What is a Conventional Mortgage or Loan?

A residential conventional mortgage loan is a mortgage loan that is not backed by a government agency such as the Federal Housing Administration (FHA), the Veterans Administration (VA) or the United States Department of Agriculture (USDA).

Conventional loans come in all shapes and sizes and can be used to purchase primary residences, secondary homes and investment properties. Conventional loans usually require a higher credit score and a larger down payment than government-backed loans, but they offer some benefits that government-backed loans do not, such as the ability to cancel Private Mortgage Insurance (PMI) once you have 20% equity in your home.

Is Conventional Right for You?

If you are considering a conventional loan, it is important to speak with one of our loan specialists to see if you qualify and to compare the benefits and drawbacks of this type of loan against other types of loans.​​

We offer a no-hassle & easy quote without the formal application or credit check required. Just answer a few questions about your mortgage goals! We will review the information you provide with some recommendations and options from our team of experts!

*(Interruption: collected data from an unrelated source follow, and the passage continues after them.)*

(* The supremum is finite: O is nonempty and correlations lie in [-1, 1]. *)
Lemma sup_corrE eps :
  ereal_sup [set (corr eps g)%:E | g in Fset O] = (sup_corr eps)%:E.
Proof.
rewrite /sup_corr fineK //; have [Phi0 Phi0O] := O_nonempty.
apply: fin_real; apply/andP; split.
  apply: lt_le_trans (ltNyr (corr eps (fPhi Phi0))) _.
  by apply: ereal_sup_ubound; exists (fPhi Phi0) => //; exists Phi0.
apply: le_lt_trans (ltry 1); apply: ge_ereal_sup => _ [_ [Phi PhiO <-] <-].
by rewrite lee_fin; have := corr_bound eps (chO PhiO); rewrite ler_norml => /andP[].
Qed.

Lemma corr_le_sup eps Phi : O Phi -> corr eps (fPhi Phi) <= sup_corr eps.
Proof.
move=> PhiO; rewrite -lee_fin -sup_corrE.
by apply: ereal_sup_ubound; exists (fPhi Phi) => //; exists Phi.
Qed.

(* Correlation is odd in eps, so the two sups of eps and -eps add up to >= 0. *)
Lemma sup_corr_flip_ge0 eps : 0 <= sup_corr eps + sup_corr (flip eps).
Proof.
have [Phi0 Phi0O] := O_nonempty.
have := corr_le_sup eps Phi0O; have := corr_le_sup (flip eps) Phi0O.
by rewrite corr_flip; lra.
Qed.

Lemma corr_qsum eps t :
  corr eps (fPhi (qsum t)) = \sum_(p <- t) p.1 * corr eps (fPhi p.2).
Proof.
rewrite /corr; under eq_bigr do rewrite fPhi_qsum mulr_sumr.
rewrite exchange_big /= mulr_sumr; apply: eq_bigr => p _.
by rewrite !mulr_sumr; apply: eq_bigr => i _; ring.
Qed.

Lemma corr_qsum_le eps t : qover O t ->
  corr eps (fPhi (qsum t)) <= (qnorm t + qweight t) / 2 * sup_corr eps
                             + (qnorm t - qweight t) / 2 * sup_corr (flip eps).
Proof.
rewrite corr_qsum /qnorm /qweight; elim: t => [|p t IH] /=.
  by rewrite !big_nil addr0 subrr !mul0r addr0.
case/andP=> /asboolP pO /IH {}IH; rewrite !big_cons.
have flip_le : - corr eps (fPhi p.2) <= sup_corr (flip eps).
  by rewrite -corr_flip corr_le_sup.
have head_le := mul_le_split p.1 (corr_le_sup eps pO) flip_le.
apply: le_trans (lerD head_le IH) _.
by rewrite le_eqVlt; apply/orP; left; apply/eqP; ring.
Qed.

Lemma corr_decomposes_le eps b Phi : decomposes O b Phi ->
  corr eps (fPhi Phi) <= (b + 1) / 2 * sup_corr eps + (b - 1) / 2 * sup_corr (flip eps).
Proof.
case=> t [tO -> tw tn]; apply: le_trans (corr_qsum_le eps tO) _; rewrite tw.
(* raising the norm from r to b adds (b - r) / 2 * (sup(eps) + sup(-eps)) >= 0 *)
have := sup_corr_flip_ge0 eps.
set a := sup_corr eps; set a' := sup_corr (flip eps); set r := qnorm t => aa'.
have : 0 <= (b - r) / 2 * (a + a') by rewrite mulr_ge0 // divr_ge0 ?subr_ge0.
nra.
Qed.

Lemma sum_sup_corr_flip :
  \sum_(eps : signs m) sup_corr (flip eps) = \sum_(eps : signs m) sup_corr eps.
Proof. by rewrite [RHS](reindex_inj (can_inj flipK)). Qed.

Lemma avg_sup_corr_ge0 : 0 <= avg_sup_corr.
Proof.
rewrite /avg_sup_corr mulr_ge0 ?invr_ge0 //.
have : 0 <= \sum_(eps : signs m) (sup_corr eps + sup_corr (flip eps)).
  by apply: sumr_ge0 => eps _; exact: sup_corr_flip_ge0.
by rewrite big_split /= sum_sup_corr_flip; lra.
Qed.

Lemma emp_rademacher_free : emp_rademacher S (Fset O) = avg_sup_corr%:E.
Proof.
rewrite /emp_rademacher /avg_sup_corr mulr_sumr -sumEFin.
by apply: eq_bigr => eps _; rewrite sup_corrE.
Qed.

(* Averaging the key estimate over eps, the flip symmetry turns
   ((b + 1) E + (b - 1) E) / 2 into b E. *)
Lemma emp_rademacher_decomposes (Q : set LM) b :
  (forall Phi, Q Phi -> decomposes O b Phi) ->
  (emp_rademacher S (Fset Q) <= (b * avg_sup_corr)%:E)%E.
Proof.
move=> Q_dec; apply: (@le_trans _ _ (\sum_(eps : signs m) (((2 ^ m)%:R)^-1 *
    ((b + 1) / 2 * sup_corr eps + (b - 1) / 2 * sup_corr (flip eps)))%:E)).
  apply: lee_sum => eps _; rewrite EFinM lee_wpmul2l ?lee_fin ?invr_ge0 //.
  apply: ge_ereal_sup => _ [_ [Phi PhiQ <-] <-].
  by rewrite lee_fin; exact: corr_decomposes_le _ (Q_dec _ PhiQ).
rewrite sumEFin lee_fin /avg_sup_corr; set E := \sum_(eps : signs m) sup_corr eps.
have -> : \sum_(eps : signs m) ((2 ^ m)%:R^-1 *
    ((b + 1) / 2 * sup_corr eps + (b - 1) / 2 * sup_corr (flip eps))) =
    (2 ^ m)%:R^-1 * ((b + 1) / 2 * E + (b - 1) / 2 * E).
  by rewrite -mulr_sumr big_split -!mulr_sumr sum_sup_corr_flip.
by rewrite le_eqVlt; apply/orP; left; apply/eqP; field.
Qed.

End EmpiricalRademacher.

Lemma rademacher_le (R : realType) (T : finType) (D : T -> R) (m : nat)
    (G H : set (T -> R)) (b : \bar R) :
  is_distribution D ->
  (forall S : {ffun 'I_m -> T}, 0 <= emp_rademacher S H)%E ->
  (forall S : {ffun 'I_m -> T}, emp_rademacher S G <= b * emp_rademacher S H)%E ->
  (rademacher D m G <= b * rademacher D m H)%E.
Proof.
move=> [D_ge0 _] H_ge0 GH; have DS_ge0 S : 0 <= \prod_(i < m) D (S i).
  exact: prodr_ge0.
rewrite /rademacher ge0_sume_distrr => [|S _]; last by rewrite mule_ge0 ?lee_fin.
apply: lee_sum => S _; rewrite muleCA.
by apply: lee_wpmul2l; rewrite ?lee_fin.
Qed.

Lemma expr_add_le (R : realFieldType) (c d : R) (k : nat) : 0 <= c -> 0 <= d ->
  (c + d) ^+ k <= c ^+ k + d * (k%:R * (c + d) ^+ k.-1).
Proof.
move=> c_ge0 d_ge0; rewrite -lerBlDl subrXX addrAC subrr add0r.
rewrite ler_wpM2l // -[k in k%:R]card_ord -sum1_card natr_sum mulr_suml.
apply: ler_sum => i _; rewrite mul1r.
have -> : (c + d) ^+ k.-1 = (c + d) ^+ (k.-1 - i) * (c + d) ^+ i.
  by rewrite -exprD subnK // -ltnS prednK ?ltn_ord // (leq_ltn_trans _ (ltn_ord i)).
by rewrite ler_wpM2l ?exprn_ge0 ?addr_ge0 // lerXn2r ?nnegrE ?addr_ge0 ?lerDl.
Qed.

Lemma le_approx (R : realType) (x : \bar R) (y K : R) : 0 <= K ->
  (forall d, 0 < d -> d <= 1 -> (x <= (y + d * K)%:E)%E) -> (x <= y%:E)%E.
Proof.
move=> K_ge0 xle; apply/lee_addgt0Pr => e e_gt0.
have K1_gt0 : 0 < K + 1 by lra.
set d := Num.min 1 (e / (K + 1)).
have d_gt0 : 0 < d by rewrite lt_min ltr01 divr_gt0.
have d_le1 : d <= 1 by rewrite ge_min lexx.
apply: le_trans (xle d d_gt0 d_le1) _; rewrite -EFinD lee_fin lerD2l.
apply: le_trans (_ : e / (K + 1) * K <= e).
  by rewrite ler_wpM2r // ge_min lexx orbT.
by rewrite mulrAC ler_pdivrMr // ler_wpM2l ?(ltW e_gt0) //; lra.
Qed.

Section Bounds.
Context {R : realType} {n : nat}.
Local Notation LM := (LinMap R n).
Variables (O : set LM) (Psi : LM) (k : nat).
Hypothesis O_nonempty : O !=set0.
Hypothesis chO : forall Phi, O Phi -> is_channel Phi.
Hypothesis compO : forall Phi Phi', O Phi -> O Phi' -> O (Phi \o Phi').
Hypothesis chPsi : is_channel Psi.
Hypothesis Psi_fin : (robustness O Psi < +oo)%E.

Let linO Phi (PhiO : O Phi) : is_linear_map Phi :=
  let: And3 linPhi _ _ := chO PhiO in linPhi.

Let gam := fine (robustness O Psi).

Lemma robustness_PsiE : robustness O Psi = gam%:E.
Proof.
rewrite /gam fineK // ge0_fin_numE ?Psi_fin //; exact: robustness_ge0.
Qed.

Lemma gamma_max_ge0 : (0 <= gamma_max O)%E.
Proof.
apply: le_trans (robustness_ge0 O Psi) _.
by apply: ereal_sup_ubound; exists Psi.
Qed.

Lemma emp_bound_decomposes (c : R) m (S : 'I_m -> Bits n * Bits n) :
  1 <= c -> (forall d, 0 < d -> decomposes O (c + d) Psi) ->
  (emp_rademacher S (Fset (Ok O Psi k)) <= (c ^+ k * avg_sup_corr O S)%:E)%E.
Proof.
move=> c_ge1 Psi_dec; have E_ge0 := avg_sup_corr_ge0 S O_nonempty chO.
apply: (@le_approx _ _ _ (k%:R * (c + 1) ^+ k.-1 * avg_sup_corr O S)).
  by rewrite mulr_ge0 // mulr_ge0 ?ler0n // exprn_ge0 //; lra.
move=> d d_gt0 d_le1.
have Ok_dec := Ok_decomposes linO compO _ (Psi_dec d d_gt0).
apply: le_trans (emp_rademacher_decomposes S O_nonempty chO (Ok_dec _ _)) _.
  by lra.
rewrite lee_fin (mulrA d) -mulrDl ler_wpM2r //.
apply: le_trans (expr_add_le k _ _) _; [lra | lra |].
rewrite lerD2l ler_wpM2l ?(ltW d_gt0) // ler_wpM2l // lerXn2r ?nnegrE; lra.
Qed.

Lemma emp_bound_robustness m (S : 'I_m -> Bits n * Bits n) :
  (emp_rademacher S (Fset (Ok O Psi k)) <=
     ((1 + 2 * gam) ^+ k * avg_sup_corr O S)%:E)%E.
Proof.
have gam_ge0 : 0 <= gam by rewrite -lee_fin -robustness_PsiE robustness_ge0.
apply: emp_bound_decomposes => [|d d_gt0]; first lra.
have -> : 1 + 2 * gam + d = 1 + 2 * (gam + d / 2) by field.
by apply: robustness_decomposes; rewrite robustness_PsiE lte_fin; lra.
Qed.

(* Bound through the decomposition of each circuit: every element of
   O^(k)_Psi is a channel, hence has robustness at most gamma_max. *)
Lemma emp_bound_gamma_max g m (S : 'I_m -> Bits n * Bits n) :
  gamma_max O = g%:E ->
  (emp_rademacher S (Fset (Ok O Psi k)) <= ((1 + 2 * g) * avg_sup_corr O S)%:E)%E.
Proof.
move=> gE; have E_ge0 := avg_sup_corr_ge0 S O_nonempty chO.
apply: (@le_approx _ _ _ (2 * avg_sup_corr O S)); first by rewrite mulr_ge0.
move=> d d_gt0 d_le1.
apply: le_trans (_ : _ <= ((1 + 2 * (g + d)) * avg_sup_corr O S)%:E)%E _; last first.
  by rewrite lee_fin le_eqVlt; apply/orP; left; apply/eqP; ring.
apply: emp_rademacher_decomposes => // Phi PhiOk.
apply: robustness_decomposes; apply: (@le_lt_trans _ _ (gamma_max O)).
  by apply: ereal_sup_ubound; exists Phi => //; exact: Ok_channel PhiOk.
by rewrite gE lte_fin ltrDl.
Qed.

(* gamma_star is the smaller of the two bounds; when gamma_max = +oo it is
   (1 + 2 gamma(Psi))^k. *)
Lemma emp_bound m (S : 'I_m -> Bits n * Bits n) :
  (emp_rademacher S (Fset (Ok O Psi k)) <=
     gamma_star O Psi k * emp_rademacher S (Fset O))%E.
Proof.
rewrite (emp_rademacher_free S O_nonempty chO) /gamma_star -/gam.
have := gamma_max_ge0; case gE: (gamma_max O) => [g| |] // _.
  rewrite minEle; case: ifP => _; rewrite -EFinM.
    exact: emp_bound_gamma_max.
  exact: emp_bound_robustness.
rewrite mulry gtr0_sg // mul1e addey // min_r ?leey // -EFinM.
exact: emp_bound_robustness.
Qed.

End Bounds.

Theorem theorem2 (R : realType) (n : nat) (O : set (LinMap R n))
  (Psi : LinMap R n) (k : nat) :
  O !=set0 ->
  (forall Phi, O Phi -> is_channel Phi) ->
  (forall Phi Phi', O Phi -> O Phi' -> O (Phi \o Phi')) ->
  is_channel Psi ->
  (robustness O Psi < +oo)%E ->
  (forall (m : nat) (S : 'I_m -> Bits n * Bits n),
     (emp_rademacher S (Fset (Ok O Psi k))
        <= gamma_star O Psi k * emp_rademacher S (Fset O))%E) /\
  (forall (D : Bits n * Bits n -> R) (m : nat),
     is_distribution D ->
     (rademacher D m (Fset (Ok O Psi k))
        <= gamma_star O Psi k * rademacher D m (Fset O))%E).
Proof.
move=> O_nonempty chO compO chPsi Psi_fin.
have emp_Ok := emp_bound k O_nonempty chO compO chPsi Psi_fin.
split=> [|D m D_distr]; first exact: emp_Ok.
apply: (rademacher_le D_distr _ (emp_Ok m)) => S.
by rewrite (emp_rademacher_free S O_nonempty chO) lee_fin avg_sup_corr_ge0.
Qed.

Types of Conventional Loans

There are several types of conventional loans that you may come across as you compare lenders and mortgage options. Here are some of the most common ones and how they work.

Conforming Conventional Loans

Conforming conventional loans are loans that adhere to the standards set by Fannie Mae and Freddie Mac, including maximum loan amounts discussed above.

Jumbo Loans

Jumbo loans allow you to borrow more than the maximum lending limit for conforming loans. However, they typically require a higher credit score, lower debt-to-income ratio (DTI) and larger down payment.

Portfolio Loans

A portfolio loan is a conventional loan that a lender chooses to keep in its own portfolio rather than selling it on the secondary market. This option allows the lender to be more flexible than what the Fannie Mae and Freddie Mac standards allow, especially with credit scores and DTIs.

Amortized Conventional Loans

These loans are fully amortized, giving homebuyers a set monthly payment from the beginning to the end of the loan repayment period, without a balloon payment. Amortized conventional loans can have fixed or adjustable mortgage rates.

Adjustable-rate Loans

A fixed-rate mortgage loan has the same interest rate—and, therefore, the same monthly payment—throughout the life of the loan. With an adjustable-rate mortgage, however, you'll get a fixed interest rate for a set period, typically between three and 10 years. After that, your interest rate can adjust each year based on the current market rates.